Combining medicine and engineering to repair a damaged heart

Regenerating heart muscle tissue using a 3D printer—once the stuff of Star Trek science fiction—now appears to be firmly in the realm of the possible

The combination of the Canadian Light Source (CLS) synchrotron’s unique biomedical imaging and therapy (BMIT) beamline and the vision of a multi-discipline researcher from the University of Saskatchewan in confirming fiction as fact was published in the September issue of Tissue Engineering, one of the leading journals in this emerging global research field of tissue regeneration.

U of S researcher Mohammad Izadifar says he is combining medicine and engineering to develop ways to repair a damaged heart.

“The problem is the heart cannot repair itself once it is damaged due to a heart attack.” he explained.

Izadifar has conducted his research out of three places on campus: the College of Engineering, the CLS and the College of Medicine where he has been certified in doing open heart surgery on rats, having trained in all the ethical protocols related to these research animals.

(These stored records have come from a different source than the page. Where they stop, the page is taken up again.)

(* Let $\mathcal{K}^{\langle\infty\rangle}$ be a planar unbounded simple nested fractal whose number of essential fixed points is $k=4$. Then $\mathcal{K}^{\langle\infty\rangle}$ has the good labelling property.
   Context: Setting: $L>1$, $N\ge2$, $\nu_1=0,\dots,\nu_N\in\mathbb{R}^2$, $\Psi_i(x)=x/L+\nu_i$, and $\mathcal{K}^{\langle 0\rangle}=\bigcup_i\Psi_i(\mathcal{K}^{\langle 0\rangle})$ is a planar simple nested fractal (essential fixed points $V_0^{\langle0\rangle}$: fixed points $x$ for which there are another fixed point $y$ and $\Psi_i\ne\Psi_j$ with $\Psi_i(x)=\Psi_j(y)$; open set condition, nesting, symmetry with respect to perpendicular bisectors of pairs of essential fixed points, connectivity); $k=\#V_0^{\langle0\rangle}$, and $V_0^{\langle0\rangle}$ spans a regular $k$-gon. $\mathcal{K}^{\langle M\rangle}=L^M\mathcal{K}^{\langle 0\rangle}$, $\mathcal{K}^{\langle\infty\rangle}=\bigcup_{M\ge0}\mathcal{K}^{\langle M\rangle}$. An $M$-complex is $\Delta_M=\mathcal{K}^{\langle M\rangle}+\nu_{\Delta_M}$ with $\nu_{\Delta_M}=\sum_{j=M+1}^{J}L^j\nu_{i_j}$ ($J\ge M+1$), vertex set $V(\Delta_M)=L^MV_0^{\langle0\rangle}+\nu_{\Delta_M}$; $V_M^{\langle M\rangle}=L^MV_0^{\langle0\rangle}$ and $V_M^{\langle\infty\rangle}$ is the union of all $V(\Delta_M)$. With $\mathcal{A}$ an alphabet of $k$ symbols and $\mathcal{R}_M$ the $k$ rotations about the barycenter of $\mathcal{K}^{\langle M\rangle}$ preserving $V_M^{\langle M\rangle}$, a good labelling function of order $M$ is $\ell_M:V_M^{\langle\infty\rangle}\to\mathcal{A}$, bijective on $V_M^{\langle M\rangle}$, such that for each $M$-complex $\Delta_M=\mathcal{K}^{\langle M\rangle}+\nu_{\Delta_M}$ there is $R_{\Delta_M}\in\mathcal{R}_M$ with $\ell_M(v)=\ell_M(R_{\Delta_M}(v-\nu_{\Delta_M}))$, $v\in V(\Delta_M)$. The good labelling property means that a good labelling function of some order $M\in\mathbb{Z}$ exists. *)

From Stdlib Require Import Reals List ZArith Relations.
Open Scope R_scope.

Definition pt := (R * R)%type.
Definition padd (p q : pt) : pt := (fst p + fst q, snd p + snd q).
Definition psub (p q : pt) : pt := (fst p - fst q, snd p - snd q).
Definition pscale (c : R) (p : pt) : pt := (c * fst p, c * snd p).
Definition dot (p q : pt) : R := fst p * fst q + snd p * snd q.
Definition dist (p q : pt) : R := sqrt (dot (psub p q) (psub p q)).

Definition img (f : pt -> pt) (S : pt -> Prop) : pt -> Prop :=
  fun z => exists x, S x /\ z = f x.

Definition is_open (U : pt -> Prop) : Prop :=
  forall x, U x -> exists e, 0 < e /\ forall y, dist x y < e -> U y.
Definition is_closed (S : pt -> Prop) : Prop :=
  forall x, (forall e, 0 < e -> exists y, S y /\ dist x y < e) -> S x.
Definition is_bounded (S : pt -> Prop) : Prop :=
  exists B, forall x, S x -> dist (0, 0) x <= B.
Definition nonempty (S : pt -> Prop) : Prop := exists x, S x.

Definition set_card (S : pt -> Prop) (k : nat) : Prop :=
  exists l : list pt, NoDup l /\ length l = k /\ forall x, S x <-> In x l.

(* the similitudes Psi_i(x) = x/L + nu_i, i = 0..N-1 (index 0 plays the role of 1) *)
Definition Psi (L : R) (nu : nat -> pt) (i : nat) (x : pt) : pt :=
  padd (pscale (/ L) x) (nu i).

Definition fixed_pt (L : R) (N : nat) (nu : nat -> pt) (x : pt) : Prop :=
  exists i, (i < N)%nat /\ Psi L nu i x = x.

Definition V0 (L : R) (N : nat) (nu : nat -> pt) (x : pt) : Prop :=
  fixed_pt L N nu x /\
  exists y i j, fixed_pt L N nu y /\ (i < N)%nat /\ (j < N)%nat /\
    Psi L nu i <> Psi L nu j /\ Psi L nu i x = Psi L nu j y.

Definition attractor (L : R) (N : nat) (nu : nat -> pt) (K : pt -> Prop) : Prop :=
  nonempty K /\ is_closed K /\ is_bounded K /\
  forall z, K z <-> exists i, (i < N)%nat /\ img (Psi L nu i) K z.

Definition OSC (L : R) (N : nat) (nu : nat -> pt) : Prop :=
  exists U, is_open U /\ is_bounded U /\ nonempty U /\
    (forall i, (i < N)%nat -> forall z, img (Psi L nu i) U z -> U z) /\
    (forall i j, (i < N)%nat -> (j < N)%nat -> i <> j ->
       forall z, ~ (img (Psi L nu i) U z /\ img (Psi L nu j) U z)).

Definition nesting (L : R) (N : nat) (nu : nat -> pt) (K : pt -> Prop) : Prop :=
  forall i j, (i < N)%nat -> (j < N)%nat -> i <> j ->
    forall z, (img (Psi L nu i) K z /\ img (Psi L nu j) K z) <->
              (img (Psi L nu i) (V0 L N nu) z /\ img (Psi L nu j) (V0 L N nu) z).

Definition refl_bisector (x y z : pt) : pt :=
  let d := psub y x in
  let m := pscale (/ 2) (padd x y) in
  psub z (pscale (2 * dot (psub z m) d / dot d d) d).

Definition symmetry (L : R) (N : nat) (nu : nat -> pt) : Prop :=
  forall i x y, (i < N)%nat -> V0 L N nu x -> V0 L N nu y -> x <> y ->
    exists j, (j < N)%nat /\
      forall z, img (refl_bisector x y) (img (Psi L nu i) (V0 L N nu)) z <->
                img (Psi L nu j) (V0 L N nu) z.

Definition edge_m1 (L : R) (N : nat) (nu : nat -> pt) (x y : pt) : Prop :=
  exists i, (i < N)%nat /\ img (Psi L nu i) (V0 L N nu) x /\
                           img (Psi L nu i) (V0 L N nu) y.
Definition Vm1 (L : R) (N : nat) (nu : nat -> pt) (x : pt) : Prop :=
  exists i, (i < N)%nat /\ img (Psi L nu i) (V0 L N nu) x.
Definition connectivity (L : R) (N : nat) (nu : nat -> pt) : Prop :=
  forall x y, Vm1 L N nu x -> Vm1 L N nu y ->
    clos_refl_trans pt (edge_m1 L N nu) x y.

Definition simple_nested_fractal (L : R) (N : nat) (nu : nat -> pt)
    (K : pt -> Prop) : Prop :=
  1 < L /\ (2 <= N)%nat /\ nu 0%nat = (0, 0) /\
  attractor L N nu K /\ OSC L N nu /\ nesting L N nu K /\
  symmetry L N nu /\ connectivity L N nu.

(* admissible words (i_{M+1}, ..., i_J), J >= M+1 *)
Definition valid_word (N : nat) (w : list nat) : Prop :=
  w <> nil /\ forall i, In i w -> (i < N)%nat.

Fixpoint word_shift (L : R) (nu : nat -> pt) (e : Z) (w : list nat) : pt :=
  match w with
  | nil => (0, 0)
  | i :: w' => padd (pscale (powerRZ L e) (nu i)) (word_shift L nu (e + 1)%Z w')
  end.

(* nu_{Delta_M} = sum_{j=M+1}^J L^j nu_{i_j} *)
Definition complex_shift (L : R) (nu : nat -> pt) (M : Z) (w : list nat) : pt :=
  word_shift L nu (M + 1)%Z w.

Definition VMM (L : R) (N : nat) (nu : nat -> pt) (M : Z) (x : pt) : Prop :=
  exists v, V0 L N nu v /\ x = pscale (powerRZ L M) v.

Definition Vcomplex (L : R) (N : nat) (nu : nat -> pt) (M : Z) (w : list nat)
    (x : pt) : Prop :=
  exists v, VMM L N nu M v /\ x = padd v (complex_shift L nu M w).

Definition VMinf (L : R) (N : nat) (nu : nat -> pt) (M : Z) (x : pt) : Prop :=
  exists w, valid_word N w /\ Vcomplex L N nu M w x.
Lemma hk_range (R : realType) m (j : 'I_m.+1) : -(m%:R / 2) <= @hk R m j <= m%:R / 2.
Proof.
have j_ge0 : 0 <= j%:R :> R by rewrite ler0n.
have j_le : j%:R <= m%:R :> R by rewrite ler_nat -ltnS ltn_ord.
rewrite /hk; apply/andP; split; lra.
Qed.

Section EntriesOfAs.
Variables (R : realType) (q : R).
Hypotheses (q_neq0 : q != 0) (normq_lt1 : `|q| < 1).
Variable m : nat.

Let normq_range : 0 < `|q| <= 1.
Proof. by rewrite normr_gt0 q_neq0 ltW. Qed.

(* [|q|^(-s)] with [s = m/2] bounds the moduli of all entries of [A_s]. *)
Definition As_bound := powR `|q| (- (m%:R / 2)).

Lemma As_bound_ge0 : 0 <= As_bound.
Proof. exact: powR_ge0. Qed.

Lemma As_bound_sqr : As_bound ^+ 2 = powR `|q| (- m%:R).
Proof.
rewrite /As_bound -powR_mulrn ?powR_ge0 // -powRrM; congr powR.
by rewrite mulNr divfK ?pnatr_eq0.
Qed.

Lemma normc_qhalfpow j : normc (qhalfpow q m j) = powR `|q| (hk m j).
Proof.
rewrite /qhalfpow normcM normc_real ger0_norm ?powR_ge0 //.
by case: ifP => _; rewrite ?normc_ipow ?normc1 mulr1.
Qed.

Lemma qhalfpow_neq0 j : qhalfpow q m j != 0.
Proof.
apply/eqP => /(congr1 (@normc R)); rewrite normc_qhalfpow normc0.
by apply/eqP; rewrite gt_eqF // powR_gt0 // normr_gt0.
Qed.

Lemma normc_qhalfpow_le j : normc (qhalfpow q m j) <= As_bound.
Proof. by rewrite normc_qhalfpow; apply: ger_powR; case/andP: (hk_range R j). Qed.

Lemma normc_qhalfpowV_le j : normc (qhalfpow q m j)^-1 <= As_bound.
Proof.
rewrite normcV normc_qhalfpow -powRN; apply: ger_powR => //.
by case/andP: (hk_range R j) => _; rewrite lerNl opprK.
Qed.

Lemma ycoef_le j : ycoef q m j <= As_bound.
Proof.
rewrite /ycoef -(ger0_norm As_bound_ge0) -[X in _ <= X]sqrtr_sqr.
rewrite ler_sqrt ?sqr_ge0 // As_bound_sqr.
have : powR `|q| (m%:R + 2) <= powR `|q| (2 * hk m j + 2).
  by apply: ger_powR => //; case/andP: (hk_range R j) => _; lra.
have := powR_ge0 `|q| (- (2 * hk m j)); lra.
Qed.

Lemma xsE : xs q m = diag_mx (\row_j qhalfpow q m j).
Proof. by apply/matrixP => i j; rewrite !mxE; case: eqP => [->|]. Qed.

Lemma invmx_xs : invmx (xs q m) = diag_mx (\row_j (qhalfpow q m j)^-1).
Proof.
set D := diag_mx _.
have xsD : xs q m *m D = 1%:M.
  rewrite xsE mul_diag_mx; apply/matrixP => i j; rewrite !mxE.
  by case: eqP => [->|_]; rewrite ?mulr1n ?mulr0n ?mulr0 ?mulfV ?qhalfpow_neq0.
have [xs_unit _] := mulmx1_unit xsD.
by rewrite -[RHS]mul1mx -(mulVmx xs_unit) -mulmxA xsD mulmx1.
Qed.

Definition letter_shift (x y : 'I_2) : int := (y == 1 : nat)%:Z - (x == 1 : nat)%:Z.

Lemma is_shift_mx_As x y : is_shift_mx (letter_shift x y) As_bound (As q m x y).
Proof.
have bound_ge0 := As_bound_ge0.
case: (I2_cases x) => ->; case: (I2_cases y) => -> i j; rewrite /As /letter_shift /=.
- rewrite /xs mxE; case: ifP => [/eqP ->|_]; last by rewrite eqxx normc0.
  by rewrite subrr addr0 normc_qhalfpow_le.
- rewrite /ys mxE; case: ifP => [/eqP ij|_]; last by rewrite eqxx normc0.
  by rewrite normc_real ger0_norm ?sqrtr_ge0 // ycoef_le; split => // _; rewrite ij; lia.
- by rewrite mxE eqxx normc0.
- rewrite invmx_xs mxE; have [->|ij] := eqVneq i j; last by rewrite mulr0n eqxx normc0.
  by rewrite mxE mulr1n subrr addr0 normc_qhalfpowV_le.
Qed.

Lemma is_shift_mx_tensA n (w w' : word n) :
  is_shift_mx ((wt n w')%:Z - (wt n w)%:Z) (As_bound ^+ n) (tensA q m n w w').
Proof.
have := is_shift_mx_prod (fun k => is_shift_mx_As (w k) (w' k)).
rewrite /letter_shift sumrB -!(big_morph _ PoszD (erefl 0%:Z)).
by rewrite -!wtE.
Qed.

End EntriesOfAs.

Lemma fnorm_ge1 (R : realType) (q : R) n (k : 'I_n.+1) : 1 <= fnorm q n k.
Proof.
pose w0 := [ffun i : 'I_n => if (i < k)%N then 1 else 0 : 'I_2].
have wt_w0 : wt n w0 = k.
  rewrite wtE (eq_bigr (fun i : 'I_n => (i < k)%N : nat)); last first.
    by move=> i _; rewrite ffunE; case: ifP.
  have -> : forall n', (\sum_(i < n') ((i < k)%N : nat))%N = minn k n'.
    by elim=> [|n' IH]; rewrite ?big_ord0 ?minn0 // big_ord_recr /= IH; lia.
  by have := ltn_ord k; lia.
have winv_w0 : winv n w0 = 0%N.
  rewrite winvE big1 // => i _; rewrite big1 // => j _; rewrite !ffunE.
  case: (ltnP i k) => hi; case: (ltnP j k) => hj //=; rewrite ?andbF //.
  by case: ltnP => //; lia.
have summand_ge0 (w : word n) : 0 <= q ^+ (2 * winv n w).
  by rewrite exprM exprn_ge0 // sqr_ge0.
rewrite /fnorm -sqrtr1 ler_sqrt ?sumr_ge0 // (bigD1 w0) /=; last by rewrite wt_w0.
by rewrite winv_w0 muln0 expr0 lerDl sumr_ge0.
Qed.

Section Blocks.
Variables (R : realType) (q : R).
Hypotheses (q_neq0 : q != 0) (normq_lt1 : `|q| < 1).
Variables m n : nat.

And thanks to the confirmation photo images he has from his collaboration with the CLS, Izadifar has already proven the 3D printed human cells, which he has dubbed the “heart patch,” can start to grow as intended in theory.

Once implanted in the laboratory mice, the heart patch is invisible to regular medical imaging. Izadifar has developed an X-ray imaging technique at the CLS to monitor the 3D-printed heart patch after implanting them in the laboratory mice. The CLS-derived pictures submitted to the journal show a 3D-printed heart patch with human cells arranged in 200 micron-wide strands with the distance between each strand being 400 microns. One micron is one-thousandth of a millimeter.

Izadifar says the key in printing live human tissue is finding the right gel medium to become the “ink” for the printer.